Hacía mucho calor y no era verano. El sol de la Mancha pegaba fuerte sobre los tejados de las viejas casas del barrio nuevo de Piédrola donde la familia Encinas, sencilla y humilde, habían decidido vivir, dejando las céntricas calles de la Plazoleta de la Iglesia. Era la hora de comer, los pequeños descendientes estaban todos a la mesa, nadie se levantaba a ayudar a la madre, la Señora Carmen, que con el luto riguroso por la muerte de la abuela se desvivía por atenderlos a todos. Tuvo que quitarse la zapatilla para que el tercero dejara en paz a los mayores. En la mesa: patatas cocidas con carne para los grandes; Vicente de diez años, Pedro de ocho y José de cinco; puré de patatas para los pequeños Antonio de tres e Isabel de dos. Aquella mesa era propia de una guardería.
Isabel era la pequeña de la casa, todos en la familia la llamaban “golondrina” y no sé por qué. Fue la tía abuela la que le puso ese apodo y como a José todos le llamaban “el pequeño”, cuando la cigüeña trajo a Isabel nadie la llamó como la pequeña, sino que cuando bien pronto comenzó a andar, sus pasos eran tan rápidos que la patriarca de la familia la dejó bautizada como “la golondrina” y con “golondrina se quedó. Isabel era la única chica de la casa, parecía que sus padres habían ido a por ella y hasta que no consiguieron una fémina para la casa no pararon de intentarlo. Y, en aquel triste año, en el mes de la vendimia, nació Isabel.

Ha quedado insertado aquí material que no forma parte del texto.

Lemma Gamma2_closed s p :
  (forall e, 0 < e -> exists s' p',
     [/\ Gamma2 s' p', normc (s - s') <= e & normc (p - p') <= e]) ->
  Gamma2 s p.
Proof.
move=> approx.
have le_8e (x y : R) : (forall e, 0 < e -> e <= 1 -> x <= y + 8 * e) -> x <= y.
  move=> h; apply/ler_addgt0Pr => e e0.
  have e'0 : 0 < Num.min 1 (e / 8) by rewrite lt_min ltr01 divr_gt0.
  have e'1 : Num.min 1 (e / 8) <= 1 by rewrite ge_min lexx.
  have e'e : Num.min 1 (e / 8) <= e / 8 by rewrite ge_min lexx orbT.
  have := h _ e'0 e'1; lra.
suff near e : 0 < e -> e <= 1 -> [/\ normc p <= 1 + 8 * e, normc s <= 2 + 8 * e
    & normc (s - s^* * p) <= 1 - normc p ^+ 2 + 8 * e].
  by split; apply: le_8e => e e0 e1; case: (near e e0 e1).
move=> e0 e1; have [s' [p' [[p'1 s'2 d'] ds dp]]] := approx e e0.
have p_le : normc p <= normc p' + e by have := lerB_normc p p'; lra.
have s_le : normc s <= normc s' + e by have := lerB_normc s s'; lra.
split; [lra | lra |].
have -> : s - s^* * p = (s' - s'^* * p') + ((s - s') - ((s - s')^* * p + s'^* * (p - p'))).
  by rewrite rmorphB; ring.
apply: le_trans (le_normcD _ _) _.
have err : normc ((s - s') - ((s - s')^* * p + s'^* * (p - p'))) <= e + (e * (1 + e) + 2 * e).
  apply: le_trans (le_normcD _ _) _; rewrite normcN; apply: lerD => //.
  apply: le_trans (le_normcD _ _) _; rewrite !normcM !normcJ.
  apply: lerD; apply: ler_pM; rewrite ?normc_ge0 //; lra.
have := normc_ge0 p; have := normc_ge0 p'; nra.
Qed.

Lemma normc_Phi_identity w s p :
  normc (2 - w * s) ^+ 2 - normc (2 * w * p - s) ^+ 2 =
  4 * (1 - normc w ^+ 2 * normc p ^+ 2) - normc s ^+ 2 * (1 - normc w ^+ 2)
    - 4 * complex.Re (w * (s - s^* * p)).
Proof.
apply: complexI; rewrite !(rmorphB, rmorphD, rmorphM, rmorph1, rmorph_nat) /=.
rewrite -!normcE -!expr2 !normCK Re_addJ !(rmorphB, rmorphD, rmorphM, rmorph1, rmorph_nat) /= conjCK.
by field.
Qed.

Lemma Gamma2_Phi_le w s p : Gamma2 s p -> normc w < 1 ->
  normc (2 * w * p - s) <= normc (2 - w * s).
Proof.
move=> G2 w1; have S := Gamma2_normS G2; case: G2 => p1 s2 d1.
have X : complex.Re (w * (s - s^* * p)) <= normc w * normc (s - s^* * p).
  by rewrite -normcM Re_le_normc.
have w0 := normc_ge0 w; have p0 := normc_ge0 p; have s0 := normc_ge0 s.
have d0 := normc_ge0 (s - s^* * p).
have S2 : normc s ^+ 2 * (1 - normc w ^+ 2) <= (1 + normc p) ^+ 2 * (1 - normc w ^+ 2).
  by apply: ler_wpM2r; nra.
(* 4 (1 - u^2 r^2) - (1 + r)^2 (1 - u^2) - 4 u (1 - r^2)
   = (1 - r) (1 - u) (3 + r - u (1 + 3 r)), with u = |w| and r = |p|. *)
have key : 0 <= (1 - normc p) * (1 - normc w) *
              ((3 + normc p) - normc w * (1 + 3 * normc p)).
  by apply: mulr_ge0; nra.
have := normc_Phi_identity w s p.
have := normc_ge0 (2 - w * s); have := normc_ge0 (2 * w * p - s); nra.
Qed.

Lemma notGamma2_Phi_gt s p : ~ Gamma2 s p -> normc p <= 1 -> normc s <= 2 ->
  exists w, normc w < 1 /\ normc (2 - w * s) < normc (2 * w * p - s).
Proof.
move=> nG2 p1 s2; set d := s - s^* * p.
have d_gt : 1 - normc p ^+ 2 < normc d by rewrite ltNge; apply/negP => d_le; apply: nG2.
have p0 := normc_ge0 p; have s0 := normc_ge0 s.
have d_pos : 0 < normc d by nra.
have d4 : normc d <= 4.
  by apply: le_trans (le_normcD _ _) _; rewrite normcN normcM normcJ; nra.
(* g(t) := |2 - ws|^2 - |2wp - s|^2 for w = t d^*/|d| satisfies g(1) < 0 and
   g(t) <= g(1) + (1 - t)(8 + 4|d|); so t = 1 - h below makes g(t) < 0. *)
set h := (normc d - (1 - normc p ^+ 2)) / (2 * (normc d + 2)).
have hE : h * (2 * (normc d + 2)) = normc d - (1 - normc p ^+ 2).
  by rewrite /h mulfVK // gt_eqF //; nra.
have h0 : 0 < h by rewrite /h divr_gt0 //; nra.
have h1 : h <= 1 / 2 by nra.
pose w := ((1 - h) / normc d)%:C * d^*.
have w_norm : normc w = 1 - h.
  have t0 : 0 <= (1 - h) / normc d by rewrite divr_ge0 //; lra.
  by rewrite normcM normc_real normcJ ger0_norm // mulfVK // gt_eqF.
have w_Re : complex.Re (w * d) = (1 - h) * normc d.
  rewrite -mulrA [d^* * d]mulrC -normcK -rmorphM /=.
  by rewrite expr2 mulrA divfK // gt_eqF.
exists w; rewrite w_norm; split; first lra.
have := normc_Phi_identity w s p; rewrite -/d w_norm w_Re.
have := normc_ge0 (2 - w * s); have := normc_ge0 (2 * w * p - s).
have e1 : 0 <= h * (2 - h) * normc s ^+ 2 by apply: mulr_ge0; nra.
have e2 : h * (2 - h) * normc p ^+ 2 <= h * 2 * 1 by apply: ler_pM; nra.
nra.
Qed.

(** The truncated geometric expansion of [2 * Phi_w(s, p)], where
    [Phi_w(s, p) = (2 w p - s) / (2 - w s)] is the Agler-Young function. *)
Definition Phi_trunc w N s p := (2 * w * p - s) * \sum_(k < N) (w / 2 * s) ^+ k.

Lemma Phi_truncE w N s p :
  Phi_trunc w N s p * (2 - w * s) = 2 * (2 * w * p - s) * (1 - (w / 2 * s) ^+ N).
Proof.
rewrite /Phi_trunc; have := subrX1 (w / 2 * s) N.
set G := bigop.body _ _ _ => G_sum.
have -> : (w / 2 * s) ^+ N = 1 + (w / 2 * s - 1) * G by rewrite -G_sum; ring.
by field.
Qed.

Lemma normc_halfX_le w s N : normc s <= 2 -> normc ((w / 2 * s) ^+ N) <= normc w ^+ N.
Proof.
move=> s2; rewrite normcX !normcM normcV normc_nat.
apply: lerXn2r; rewrite ?nnegrE; have := normc_ge0 w; have := normc_ge0 s; nra.
Qed.

Lemma normc_2B_gt0 w s : normc w < 1 -> normc s <= 2 -> 0 < normc (2 - w * s).
Proof.
move=> w1 s2; have := lerB_normc 2 (w * s); rewrite normcM normc_nat.
have := normc_ge0 w; have := normc_ge0 s; nra.
Qed.

Lemma normc_Phi_trunc_le w N s p : normc w < 1 -> Gamma2 s p ->
  normc (Phi_trunc w N s p) <= 2 * (1 + normc w ^+ N).
Proof.
move=> w1 G2; have le_Phi := Gamma2_Phi_le G2 w1; case: G2 => _ s2 _.
have B0 := normc_2B_gt0 w1 s2.
have err : normc (1 - (w / 2 * s) ^+ N) <= 1 + normc w ^+ N.
  apply: le_trans (le_normcD _ _) _; rewrite normcN normc1.
  by rewrite lerD2l normc_halfX_le.
rewrite -(ler_pM2r B0) -normcM Phi_truncE !normcM normc_nat.
have := normc_ge0 (2 * w * p - s); have := normc_ge0 (1 - (w / 2 * s) ^+ N).
nra.
Qed.

End SymmetrizedBidisc.

Lemma exists_exprn_lt (F : archiRealFieldType) (u e : F) :
  0 <= u -> u < 1 -> 0 < e -> exists N, u ^+ N < e.
Proof.
move=> u0 u1 e0.
have bernoulli N : u ^+ N * (1 + N%:R * (1 - u)) <= 1.
  elim: N => [|N IH]; first by rewrite expr0 mul0r addr0 mulr1.
  have uN0 : 0 <= u ^+ N := exprn_ge0 N u0.
  have uN1 : u ^+ N.+1 <= 1 by apply: exprn_ile1 => //; exact: ltW.
  have : u * (u ^+ N * (1 + N%:R * (1 - u))) <= u.
    by rewrite -[X in _ <= X]mulr1 ler_wpM2l.
  rewrite exprS -natr1 in uN1 *; nra.
have d0 : 0 < e * (1 - u) by rewrite mulr_gt0 // subr_gt0.
have := archi_boundP (ltW (divr_gt0 ltr01 d0)); set N := Num.bound _ => N_gt.
exists N; have := bernoulli N; have := exprn_ge0 N u0.
have : 1 < N%:R * (e * (1 - u)) by rewrite -ltr_pdivrMr.
nra.
Qed.

Section PolyConvexGamma2.
Variable R : realType.
Implicit Types (s p w : R[i]).

Definition poly_separates n (K : ('I_n -> R[i]) -> Prop) (y : 'I_n -> R[i]) : Prop :=
  exists (P : {mpoly R[i][n]}) (c : R[i]),
    c < `|P.@[y]| /\ forall z, K z -> `|P.@[z]| <= c.

Lemma poly_separates_comp k n (K : ('I_n -> R[i]) -> Prop)
    (K' : ('I_k -> R[i]) -> Prop) (f : k.-tuple {mpoly R[i][n]}) y :
  (forall z, K z -> K' (fun i => (tnth f i).@[z])) ->
  poly_separates K' (fun i => (tnth f i).@[y]) -> poly_separates K y.
Proof.
move=> fK [P [c [lt_y le_K]]]; exists (P \mPo f), c.
by rewrite !comp_mpoly_meval; split=> // z /fK; rewrite comp_mpoly_meval; exact: le_K.
Qed.

Lemma normc_Phi_trunc_gt w s p : normc w < 1 -> normc s <= 2 ->
  normc (2 - w * s) < normc (2 * w * p - s) ->
  exists N, 2 * (1 + normc w ^+ N) < normc (Phi_trunc w N s p).
Proof.
move=> w1 s2; set A := normc (2 * w * p - s); set B := normc (2 - w * s) => BA.
have B0 : 0 < B := normc_2B_gt0 w1 s2.
have th0 : 0 < (A - B) / (A + B) by apply: divr_gt0; lra.
have [N wN] := exists_exprn_lt (normc_ge0 w) w1 th0.
exists N; have wN0 : 0 <= normc w ^+ N := exprn_ge0 N (normc_ge0 w).
have {}wN : normc w ^+ N * (A + B) < A - B by rewrite -ltr_pdivlMr //; lra.
have err : 1 - normc w ^+ N <= normc (1 - (w / 2 * s) ^+ N).
  by apply: le_trans (lerB_normc _ _); rewrite normc1 lerD2l lerN2 normc_halfX_le.
have := congr1 (@normc R) (Phi_truncE w N s p); rewrite !normcM normc_nat -/A -/B.
have := normc_ge0 (Phi_trunc w N s p); nra.
Qed.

Todos terminaron de comer solitos. Bueno, todos no. José era muy lento, no paraba de hablar y de chinchar a los mayores, con los pequeños nunca se metía. Vicente y Pedro le regañaban pues todo el patrimonio que José había heredado de sus hermanos mayores lo estaba destrozando conforme llegaba a sus manos: la ropa, el triciclo, el balón de colores, la cartera del colegio. En algunas ocasiones los hermanos mayores lo habían encerrado en el cuarto de los animales como castigo por su mal comportamiento. José no aprendía la lección, castigo tras castigo iban cayendo sobre él conforme iban pasando los días de su infancia.
Mientras terminaba éste, los demás, por el reclamo de la madre fueron ocupando sus puestos en la banca para hacer la digestión con una buena siesta: Pedro y Antonio en un brazo y Vicente y José, cuando terminara en el otro. La chica, como todos los días, tenía que ingeniárselas en el centro, entre los pies de unos y de otros, pues la banca era propiedad de los chicos. La pobre Isabel se llevaba los puntapiés de sus cuatro hermanos, mientras su cuerpecito se acurrucaba entre ellos. Pero esa tarde hacía mucho calor y los chicos no se dormían, querían juerga después de comer, cosa que su madre no consentiría, pues a la mínima de ruido volvió a quitarse la zapatilla y tras calentar a los cuatro varones la calma volvió a la banca. Increpados por la rabia de ver que a la chica la zapatilla no le había rozado, decidieron los hermanos echarla del lecho de la siesta, mientras la madre fregaba los platos. La pequeña cogió su almohada y trató de buscar en la casa un lugar para dormir.